■ Assignment ■
What you return should be the lines of the data containing "most", each in full.
• • • • • • •
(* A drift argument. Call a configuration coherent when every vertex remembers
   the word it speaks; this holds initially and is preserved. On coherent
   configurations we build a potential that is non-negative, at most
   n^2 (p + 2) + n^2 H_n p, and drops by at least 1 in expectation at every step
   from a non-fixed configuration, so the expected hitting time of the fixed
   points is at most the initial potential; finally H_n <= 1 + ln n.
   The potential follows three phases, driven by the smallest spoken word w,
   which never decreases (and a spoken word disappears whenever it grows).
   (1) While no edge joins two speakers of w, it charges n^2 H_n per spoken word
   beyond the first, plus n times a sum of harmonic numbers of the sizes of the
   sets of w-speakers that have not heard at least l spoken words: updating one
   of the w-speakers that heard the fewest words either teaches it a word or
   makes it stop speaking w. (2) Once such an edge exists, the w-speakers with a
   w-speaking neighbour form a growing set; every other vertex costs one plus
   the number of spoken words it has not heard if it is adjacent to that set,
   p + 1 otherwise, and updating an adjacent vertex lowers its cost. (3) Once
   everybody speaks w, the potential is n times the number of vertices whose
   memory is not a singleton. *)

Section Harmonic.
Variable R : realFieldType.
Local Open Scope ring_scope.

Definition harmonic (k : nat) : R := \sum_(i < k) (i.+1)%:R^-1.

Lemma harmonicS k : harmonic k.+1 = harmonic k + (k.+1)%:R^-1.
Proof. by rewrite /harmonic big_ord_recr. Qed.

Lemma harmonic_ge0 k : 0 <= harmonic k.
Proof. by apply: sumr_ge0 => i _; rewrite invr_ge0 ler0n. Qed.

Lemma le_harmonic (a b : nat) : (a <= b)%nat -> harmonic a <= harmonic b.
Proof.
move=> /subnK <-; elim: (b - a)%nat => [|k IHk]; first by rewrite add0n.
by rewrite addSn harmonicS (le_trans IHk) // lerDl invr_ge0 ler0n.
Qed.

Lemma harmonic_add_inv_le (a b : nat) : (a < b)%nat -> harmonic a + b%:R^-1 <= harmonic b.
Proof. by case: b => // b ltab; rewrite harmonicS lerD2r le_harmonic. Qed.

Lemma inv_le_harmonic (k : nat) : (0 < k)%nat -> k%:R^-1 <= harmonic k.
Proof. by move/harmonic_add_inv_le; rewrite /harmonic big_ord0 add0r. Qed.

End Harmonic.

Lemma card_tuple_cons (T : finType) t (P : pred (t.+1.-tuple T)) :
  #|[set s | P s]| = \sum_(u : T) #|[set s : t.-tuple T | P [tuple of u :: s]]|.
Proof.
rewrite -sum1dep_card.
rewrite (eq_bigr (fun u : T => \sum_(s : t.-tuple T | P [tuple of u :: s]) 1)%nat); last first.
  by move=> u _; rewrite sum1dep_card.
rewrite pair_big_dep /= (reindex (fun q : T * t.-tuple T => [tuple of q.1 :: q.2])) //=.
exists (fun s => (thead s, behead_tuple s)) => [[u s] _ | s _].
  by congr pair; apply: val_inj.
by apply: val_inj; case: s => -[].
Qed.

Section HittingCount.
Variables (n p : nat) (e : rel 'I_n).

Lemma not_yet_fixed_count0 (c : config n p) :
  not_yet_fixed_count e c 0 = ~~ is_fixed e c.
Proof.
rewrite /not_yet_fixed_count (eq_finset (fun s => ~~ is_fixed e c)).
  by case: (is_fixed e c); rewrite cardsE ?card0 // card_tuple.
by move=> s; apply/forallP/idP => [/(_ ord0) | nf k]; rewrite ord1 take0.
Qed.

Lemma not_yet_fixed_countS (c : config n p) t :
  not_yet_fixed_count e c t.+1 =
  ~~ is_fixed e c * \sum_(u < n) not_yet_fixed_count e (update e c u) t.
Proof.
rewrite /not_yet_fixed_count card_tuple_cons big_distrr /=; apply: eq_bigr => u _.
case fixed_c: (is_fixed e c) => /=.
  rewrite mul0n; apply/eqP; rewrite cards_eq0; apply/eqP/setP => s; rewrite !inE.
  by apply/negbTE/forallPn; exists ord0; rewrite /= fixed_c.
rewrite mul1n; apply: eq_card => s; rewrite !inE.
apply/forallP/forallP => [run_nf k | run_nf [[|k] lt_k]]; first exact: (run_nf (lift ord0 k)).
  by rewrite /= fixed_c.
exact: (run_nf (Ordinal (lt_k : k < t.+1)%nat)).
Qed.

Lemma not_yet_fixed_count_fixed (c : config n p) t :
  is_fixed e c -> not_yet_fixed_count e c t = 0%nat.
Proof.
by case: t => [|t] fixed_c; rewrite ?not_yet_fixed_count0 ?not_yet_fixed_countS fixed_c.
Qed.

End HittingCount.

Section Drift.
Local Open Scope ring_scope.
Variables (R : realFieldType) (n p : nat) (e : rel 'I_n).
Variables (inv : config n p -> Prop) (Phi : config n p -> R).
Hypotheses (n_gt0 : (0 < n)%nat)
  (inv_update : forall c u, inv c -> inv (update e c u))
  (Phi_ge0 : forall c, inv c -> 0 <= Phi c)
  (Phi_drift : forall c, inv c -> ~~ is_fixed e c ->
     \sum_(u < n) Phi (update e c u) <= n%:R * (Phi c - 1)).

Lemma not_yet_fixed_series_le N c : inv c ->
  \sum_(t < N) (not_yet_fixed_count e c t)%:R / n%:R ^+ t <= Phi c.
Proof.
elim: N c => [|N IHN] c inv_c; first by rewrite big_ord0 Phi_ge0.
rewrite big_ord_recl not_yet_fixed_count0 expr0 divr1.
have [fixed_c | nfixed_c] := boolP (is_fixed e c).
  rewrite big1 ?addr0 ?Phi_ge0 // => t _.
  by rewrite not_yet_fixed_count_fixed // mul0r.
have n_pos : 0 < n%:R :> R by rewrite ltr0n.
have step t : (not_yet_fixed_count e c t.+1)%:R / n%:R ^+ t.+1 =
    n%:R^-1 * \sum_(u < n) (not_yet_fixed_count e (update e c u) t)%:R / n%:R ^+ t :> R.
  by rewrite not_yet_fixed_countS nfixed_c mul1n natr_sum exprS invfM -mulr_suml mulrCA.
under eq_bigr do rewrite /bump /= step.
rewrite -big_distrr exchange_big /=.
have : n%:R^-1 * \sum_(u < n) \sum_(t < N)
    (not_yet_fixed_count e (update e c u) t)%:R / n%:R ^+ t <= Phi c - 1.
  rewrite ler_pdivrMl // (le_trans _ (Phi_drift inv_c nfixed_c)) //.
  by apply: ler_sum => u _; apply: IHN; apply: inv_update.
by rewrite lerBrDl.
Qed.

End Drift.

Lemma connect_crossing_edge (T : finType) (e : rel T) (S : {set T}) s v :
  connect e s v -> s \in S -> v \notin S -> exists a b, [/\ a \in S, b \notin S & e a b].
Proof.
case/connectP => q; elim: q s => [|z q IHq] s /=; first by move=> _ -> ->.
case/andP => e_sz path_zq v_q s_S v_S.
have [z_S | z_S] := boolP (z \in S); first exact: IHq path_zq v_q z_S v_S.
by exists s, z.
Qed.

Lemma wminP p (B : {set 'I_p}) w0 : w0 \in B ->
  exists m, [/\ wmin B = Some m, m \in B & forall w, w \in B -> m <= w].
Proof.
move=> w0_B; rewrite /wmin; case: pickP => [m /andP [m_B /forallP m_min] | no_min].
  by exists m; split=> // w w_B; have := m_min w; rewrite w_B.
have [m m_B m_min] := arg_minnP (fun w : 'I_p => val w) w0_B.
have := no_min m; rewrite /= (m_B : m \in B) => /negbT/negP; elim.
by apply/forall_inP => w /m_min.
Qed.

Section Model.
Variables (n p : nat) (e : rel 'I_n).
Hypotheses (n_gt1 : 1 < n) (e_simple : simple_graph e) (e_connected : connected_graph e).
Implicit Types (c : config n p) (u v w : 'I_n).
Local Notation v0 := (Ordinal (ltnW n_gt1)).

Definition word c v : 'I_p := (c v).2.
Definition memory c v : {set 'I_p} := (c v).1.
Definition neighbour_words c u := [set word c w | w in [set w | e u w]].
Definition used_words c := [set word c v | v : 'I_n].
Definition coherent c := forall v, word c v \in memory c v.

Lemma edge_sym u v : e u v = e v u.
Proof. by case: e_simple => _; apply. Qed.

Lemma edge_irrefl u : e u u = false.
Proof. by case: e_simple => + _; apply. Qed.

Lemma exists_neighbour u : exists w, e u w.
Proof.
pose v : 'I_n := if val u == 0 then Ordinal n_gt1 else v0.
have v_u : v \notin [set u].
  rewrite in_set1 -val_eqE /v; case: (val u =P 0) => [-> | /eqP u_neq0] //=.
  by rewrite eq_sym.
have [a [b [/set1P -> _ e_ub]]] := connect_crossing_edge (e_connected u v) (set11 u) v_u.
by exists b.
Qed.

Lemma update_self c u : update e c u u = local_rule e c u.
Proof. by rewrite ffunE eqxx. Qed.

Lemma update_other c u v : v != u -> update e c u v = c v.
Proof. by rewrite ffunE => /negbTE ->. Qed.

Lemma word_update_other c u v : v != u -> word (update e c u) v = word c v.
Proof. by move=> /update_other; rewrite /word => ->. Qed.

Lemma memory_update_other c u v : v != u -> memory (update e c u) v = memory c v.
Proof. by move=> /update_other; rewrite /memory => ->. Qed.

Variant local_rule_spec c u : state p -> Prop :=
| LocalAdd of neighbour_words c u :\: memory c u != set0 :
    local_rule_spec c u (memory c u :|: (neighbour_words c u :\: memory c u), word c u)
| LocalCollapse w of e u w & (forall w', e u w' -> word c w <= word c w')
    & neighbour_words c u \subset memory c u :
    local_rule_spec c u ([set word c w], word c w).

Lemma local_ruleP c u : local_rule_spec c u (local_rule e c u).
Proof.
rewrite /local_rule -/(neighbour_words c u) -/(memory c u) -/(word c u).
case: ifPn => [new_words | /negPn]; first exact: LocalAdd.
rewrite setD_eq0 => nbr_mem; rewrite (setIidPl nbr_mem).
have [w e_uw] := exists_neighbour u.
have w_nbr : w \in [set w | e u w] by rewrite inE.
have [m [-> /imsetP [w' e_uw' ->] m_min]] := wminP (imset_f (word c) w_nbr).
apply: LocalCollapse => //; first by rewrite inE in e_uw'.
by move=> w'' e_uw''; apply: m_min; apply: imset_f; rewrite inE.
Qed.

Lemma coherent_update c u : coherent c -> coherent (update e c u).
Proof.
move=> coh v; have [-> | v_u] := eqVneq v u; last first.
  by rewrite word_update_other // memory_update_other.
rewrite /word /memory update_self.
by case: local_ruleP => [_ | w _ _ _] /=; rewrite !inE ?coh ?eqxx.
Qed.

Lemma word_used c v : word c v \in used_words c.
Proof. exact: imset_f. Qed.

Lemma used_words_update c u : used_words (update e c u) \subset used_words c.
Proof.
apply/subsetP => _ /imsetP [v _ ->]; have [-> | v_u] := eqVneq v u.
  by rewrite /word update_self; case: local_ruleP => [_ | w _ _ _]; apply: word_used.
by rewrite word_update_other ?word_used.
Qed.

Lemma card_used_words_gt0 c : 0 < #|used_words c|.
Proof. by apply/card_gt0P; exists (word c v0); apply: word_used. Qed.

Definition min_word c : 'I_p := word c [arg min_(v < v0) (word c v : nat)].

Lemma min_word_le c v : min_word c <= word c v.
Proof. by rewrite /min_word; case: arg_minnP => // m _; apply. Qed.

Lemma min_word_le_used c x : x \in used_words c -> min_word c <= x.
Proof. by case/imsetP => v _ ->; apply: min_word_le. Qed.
• • • • • • •
■ Task result ■
   configurations we build a potential that is non-negative, at most
   points is at most the initial potential; finally H_n <= 1 + ln n.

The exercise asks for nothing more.